Specifically in relation to the procurement of personal protective equipment, the NAO noted the Government’s creation of a ‘VIP’ lane for suppliers with links to ministers, MPs and officials. These firms were 10-times more likely to be awarded a contract, the NAO found.
However, the watchdog noted that, “The sources of the referrals to the high-priority lane were not always recorded on the team’s case management system and we found a case where a supplier was added to the high-priority lane in error.”
The names of the companies processed through the PPE VIP channel have now been revealed. Notably, the office of Cabinet minister Michael Gove referred a firm owned by a Conservative Party donor, one of Gove’s close political allies, to the VIP lane.
More generally, away from just PPE contracts, the NAO reported that, “We found inadequate documentation in a number of cases on how the risks of procuring suppliers without competition had been mitigated”.
Keegan may have been intending to refer to the NAO’s conclusion that, “we found that the ministers had properly declared their interests, and we found no evidence of their involvement in procurement decisions or contract management”. However, this statement is markedly different to Keegan’s claim that proper contracting procedures had been followed in all cases.
The NAO has issued subsequent reports, investigating the relative success of the Government’s COVID ‘Test and Trace’ operation. These reports also seem to mirror the NAO’s earlier conclusions. The spending watchdog released an interim report in December 2020, in which it noted that Test and Trace had “examined its commercial arrangements” and had recognised that there “was insufficient commercial control across [the operation]” and that it “needed to improve”.

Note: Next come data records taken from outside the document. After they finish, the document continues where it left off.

(* Let $X$ be an infinite-dimensional real normed linear space with zero $\theta$ whose norm is strictly convex. Then for every $m\in\mathbb{N}$ and every $E$ with $B(\theta,1)\subseteq E\subseteq\overline{B}(\theta,1)$ and $E=\bigcup_{i=1}^m A_i$, where $A_i\cong A_j$ for all $i,j$, either $\theta\in\bigcap_{i=1}^m\mathrm{Int}\,A_i$ or $\theta\notin\bigcup_{i=1}^m\mathrm{Int}\,A_i$.
   Context: $B(\theta,1)=\{x:\|x\|<1\}$, $\overline{B}(\theta,1)=\{x:\|x\|\leqslant1\}$. The norm is strictly convex if for all $x\ne y$ with $\|x\|=\|y\|=1$ and $\lambda\in(0,1)$, $\|\lambda x+(1-\lambda)y\|<1$. Sets $A,B\subseteq X$ are congruent, $A\cong B$, if there is a surjective isometry $f\colon X\to X$ with $f(A)=B$. $\mathrm{Int}\,A$ is the set of $x\in A$ such that some open ball $B(x,\varepsilon)\subseteq A$. *)

From HB Require Import structures.
From mathcomp Require Import all_boot all_order all_algebra.
From mathcomp Require Import all_classical all_reals all_analysis.
Set Implicit Arguments. Unset Strict Implicit. Unset Printing Implicit Defensive.
Import Order.TTheory GRing.Theory Num.Theory.
Import numFieldNormedType.Exports.
Local Open Scope classical_set_scope.
Local Open Scope ring_scope.

Definition open_unit_ball {R : realType} {X : normedModType R} : set X :=
  [set x | `|x| < 1].
Definition closed_unit_ball {R : realType} {X : normedModType R} : set X :=
  [set x | `|x| <= 1].

Definition lin_indep {R : realType} {X : normedModType R} (n : nat)
  (v : 'I_n -> X) : Prop :=
  forall c : 'I_n -> R, \sum_(i < n) c i *: v i = 0 -> forall i, c i = 0.

Definition infinite_dimensional {R : realType} (X : normedModType R) : Prop :=
  forall n : nat, exists v : 'I_n -> X, lin_indep v.

Definition strictly_convex_norm {R : realType} (X : normedModType R) : Prop :=
  forall (x y : X) (l : R), x != y -> `|x| = 1 -> `|y| = 1 -> 0 < l < 1 ->
    `|l *: x + (1 - l) *: y| < 1.

Definition isometry {R : realType} {X : normedModType R} (f : X -> X) : Prop :=
  forall x y, `|f x - f y| = `|x - y|.

Definition congruent {R : realType} {X : normedModType R} (A B : set X) : Prop :=
  exists f : X -> X, isometry f /\ (forall y, exists x, f x = y) /\ f @` A = B.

According to the NAO, the Test and Trace system had itself acknowledged that it “lacked a commercial strategy, and had limited visibility of its commercial pipeline and contract risk exposure”. Therefore, the system had a lack of central oversight over the work that it was commissioning, while conflicts of interests were “not being comprehensively managed”. There were also “examples of work starting before a contract had been awarded”, the NAO report stated.
Given this evidence, it does appear misleading to claim, as Keegan did, that “all the proper contracting procedures were followed” in relation to testing contracts.
“Keegan was handed a script that was incorrect. Given that more than 140,000 people have died from COVID-19 under this Government’s watch, and that it continues to stall on the terms of a public inquiry, it is vital that we call out ministers when they attempt to rewrite history,” Dawn Butler told Byline Times.